About PLAYSTUDIOS, Inc.
PLAYSTUDIOS, Inc. (Nasdaq:MYPS), creator of the revolutionary playAWARDS loyalty platform, is a publisher and developer of award-winning mobile games, including the iconic Tetris® mobile app, POP! Slots, myVEGAS Slots, myVEGAS Blackjack, my KONAMI Slots, myVEGAS Bingo and MGM Slots Live. The playAWARDS loyalty platform allows players to earn real world rewards from a global collection of iconic hospitality, entertainment and leisure brands. playAWARDS partners include MGM Resorts International, Wolfgang Puck, Norwegian Cruise Line, Resorts World, IHG, Bowlero, Gray Line Tours and Hippodrome Casino, among others. Founded by a team of veteran gaming, hospitality and technology entrepreneurs, PLAYSTUDIOS apps combine the best elements of popular casual games with compelling real-world benefits. To learn more about PLAYSTUDIOS, visit www.playstudios.com.
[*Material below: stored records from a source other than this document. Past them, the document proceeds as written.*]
(* Let $G(\mathcal Y)$ and $G'(\mathcal Y')$ be developable complexes of groups over connected scwols $\mathcal Y$ and $\mathcal Y'$, and choose maximal trees $T$ and $T'$ in $\mathcal Y$ and $\mathcal Y'$. Suppose $L:D(\mathcal Y,T)\to D(\mathcal Y',T')$ is a morphism of scwols which is equivariant with respect to a group homomorphism $\Lambda:\pi_1(G(\mathcal Y),T)\to\pi_1(G'(\mathcal Y'),T')$. If there are $\sigma_0\in V(\mathcal Y)$ and $\sigma_0'\in V(\mathcal Y')$ with $L([1],\sigma_0)=([1],\sigma_0')$, then there exists a morphism of complexes of groups $\lambda:G(\mathcal Y)\to G'(\mathcal Y')$ (over a morphism $l$ with $l(\sigma_0)=\sigma_0'$) such that, using basepoints $\sigma_0$ and $\sigma_0'$, $L=L^\lambda_{T,T'}$ and $\Lambda=\Lambda^\lambda_{T,T'}$.
   Context: Scwols. A scwol $\mathcal X$ consists of a set $V(\mathcal X)$ of vertices, a set $E(\mathcal X)$ of edges, maps $i,t:E(\mathcal X)\to V(\mathcal X)$, and a composition $(a,b)\mapsto ab\in E(\mathcal X)$ defined on $E^{(2)}(\mathcal X)=\{(a,b): i(a)=t(b)\}$, such that $i(ab)=i(b)$, $t(ab)=t(a)$, $(ab)c=a(bc)$ whenever defined, and $i(a)\neq t(a)$ for all $a$. For a vertex $\alpha$ put $i(\alpha)=t(\alpha)=\alpha$; ''$\alpha\in\mathcal X$'' means $\alpha\in V(\mathcal X)\sqcup E(\mathcal X)$. The geometric realization $|\mathcal X|$ has one $k$-simplex for each sequence of $k$ composable edges; $\mathcal X$ is connected if $|\mathcal X|$ is. A maximal tree in $\mathcal X$ means a maximal tree in the 1-skeleton of $|\mathcal X|$. A morphism of scwols sends vertices to vertices and edges to edges and commutes with $i$, $t$ and composition. Complexes of groups. A complex of groups $G(\mathcal Y)=(G_\sigma,\psi_a,g_{a,b})$ over $\mathcal Y$ consists of groups $G_\sigma$, injective homomorphisms $\psi_a:G_{i(a)}\to G_{t(a)}$ and elements $g_{a,b}\in G_{t(a)}$ ($(a,b)\in E^{(2)}(\mathcal Y)$) with $\mathrm{Ad}(g_{a,b})\psi_{ab}=\psi_a\psi_b$ and $\psi_a(g_{b,c})g_{a,bc}=g_{a,b}g_{ab,c}$. A morphism $\phi=(\phi_\sigma,\phi(a)):G(\mathcal Y)\to G'(\mathcal Y')$ over a morphism of scwols $l$ consists of homomorphisms $\phi_\sigma:G_\sigma\to G'_{l(\sigma)}$ and elements $\phi(a)\in G'_{t(l(a))}$ with $\mathrm{Ad}(\phi(a))\psi'_{l(a)}\phi_{i(a)}=\phi_{t(a)}\psi_a$ and $\phi_{t(a)}(g_{a,b})\phi(ab)=\phi(a)\psi'_{l(a)}(\phi(b))g'_{l(a),l(b)}$. A complex of groups is developable if it is isomorphic to the complex of groups associated to some action of a group $G$ on a scwol $\mathcal X$ (local groups the stabilizers of chosen lifts $\bar\sigma$ of vertices of $\mathcal Y=G\backslash\mathcal X$, $\psi_a=\mathrm{Ad}(h_a)$, $g_{a,b}=h_ah_bh_{ab}^{-1}$ for chosen $h_a\in G$ with $h_a\cdot t(\bar a)=\overline{t(a)}$, $\bar a$ the lift of $a$ with $i(\bar a)=\overline{i(a)}$). Fundamental group and universal cover. The universal group $FG(\mathcal Y)$ is generated by $\bigsqcup_\sigma G_\sigma$ and symbols $a^+,a^-$ ($a\in E(\mathcal Y)$) subject to: the relations of each $G_\sigma$; $(a^\pm)^{-1}=a^\mp$; $a^+b^+=g_{a,b}(ab)^+$; $\psi_a(g)=a^+ga^-$ for $g\in G_{i(a)}$. $\pi_1(G(\mathcal Y),T)$ is the quotient of $FG(\mathcal Y)$ by $a^+=1$ for $a$ in $T$; $\iota_T$ sends $g\in G_\sigma$ to its image and $a$ to the image of $a^+$. The universal cover $D(\mathcal Y,T)$ has vertices $([g],\sigma)$, $[g]\in\pi_1(G(\mathcal Y),T)/\iota_T(G_\sigma)$, edges $([g],a)$, $[g]\in\pi_1(G(\mathcal Y),T)/\iota_T(G_{i(a)})$, $i([g],a)=([g],i(a))$, $t([g],a)=([g\,\iota_T(a)^{-1}],t(a))$, $([g],a)([h],b)=([h],ab)$ when $g^{-1}h\,\iota_T(b)^{-1}\in\iota_T(G_{i(a)})$; $\pi_1(G(\mathcal Y),T)$ acts by left multiplication. Induced maps. For a morphism $\lambda$ over $l$ with basepoint $\sigma_0\in V(\mathcal Y)$, $\sigma_0'=l(\sigma_0)$: oriented edges satisfy $i(a^+)=t(a)$, $t(a^+)=i(a)$, $i(a^-)=i(a)$, $t(a^-)=t(a)$. For $\sigma\in V(\mathcal Y)$ let $(e_1,\dots,e_n)$ be the unique edge path of oriented edges in $T$ without backtracking from $\sigma_0$ to $\sigma$ and $\pi_\sigma=e_1\cdots e_n\in FG(\mathcal Y)$; define $\pi'_{\sigma'}$ likewise. The homomorphism $\kappa_T:\pi_1(G(\mathcal Y),T)\to FG(\mathcal Y)$, $g\mapsto\pi_\sigma g\pi_\sigma^{-1}$ ($g\in G_\sigma$), $a^+\mapsto\pi_{t(a)}a^+\pi_{i(a)}^{-1}$, is an isomorphism onto the subgroup $\pi_1(G(\mathcal Y),\sigma_0)$ of elements represented by words $g_0e_1g_1\cdots e_ng_n$ with $(e_1,\dots,e_n)$ an edge path from $\sigma_0$ to $\sigma_0$, $g_0\in G_{\sigma_0}$, $g_j\in G_{t(e_j)}$; similarly $\kappa'_{T'}$. Let $F\lambda:FG(\mathcal Y)\to FG'(\mathcal Y')$ be $g\mapsto\lambda_\sigma(g)$, $a^+\mapsto\lambda(a)\,l(a)^+$. Define $\Lambda^\lambda_{T,T'}=\kappa'^{-1}_{T'}\circ F\lambda\circ\kappa_T$, $u_\sigma=\kappa'^{-1}_{T'}(F\lambda(\pi_\sigma)\,\pi'^{-1}_{l(\sigma)})$, and $L^\lambda_{T,T'}:D(\mathcal Y,T)\to D(\mathcal Y',T')$, $([g],\alpha)\mapsto([\Lambda^\lambda_{T,T'}(g)u_{i(\alpha)}],l(\alpha))$. *)

From Stdlib Require Import List Relations ClassicalEpsilon.
Import ListNotations.
Set Implicit Arguments.
Unset Strict Implicit.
This press release contains forward-looking statements within the meaning of the Private Securities Litigation Reform Act of 1995, including statements about the results of the offering and the consent solicitation. Actual results may differ materially from anticipated results, and the results reported should not be considered as an indication of future performance. Forward-looking statements include all statements that are not historical facts and can be identified by words such as “may,” “could,” “will,” “should,” “expects,” “plans,” “anticipates, “intends,” “believes,” “estimates,” “predicts,” “potential,” or “continue,” the negative of these and other comparable terms that convey uncertainty of events or future results.These forward-looking statements involve known and unknown risks, uncertainties, assumptions and other factors that may cause actual results to differ materially from the statements made in this press release, including the number of security holders. warrants who have responded and elected to participate in the Offer and Consent Solicitation; our ability to recognize the anticipated benefits of the Offer and Consent Solicitation; changes in applicable laws or regulations, including is those relating to takeover bids; and the possibility that we will be affected by legal and regulatory developments and general market, political, economic and business conditions. Other potential risks and uncertainties that could cause actual results to differ from the anticipated results include, among others, the risks and uncertainties included under the heading “Risk Factors” in our Annual Report on Form 10-K for the twelve months ended December 31, 2021, filed with the SEC on March 3, 2022 and in other documents filed with the SEC from time to time. All information provided in this press release is based on information available to us as of the date of this press release and all forward-looking statements contained in this press release are based on assumptions which we believe are reasonable as of this date. Undue reliance should not be placed on the forward-looking statements contained in this press release, which are inherently uncertain. We assume no obligation to update this information, except as required by law.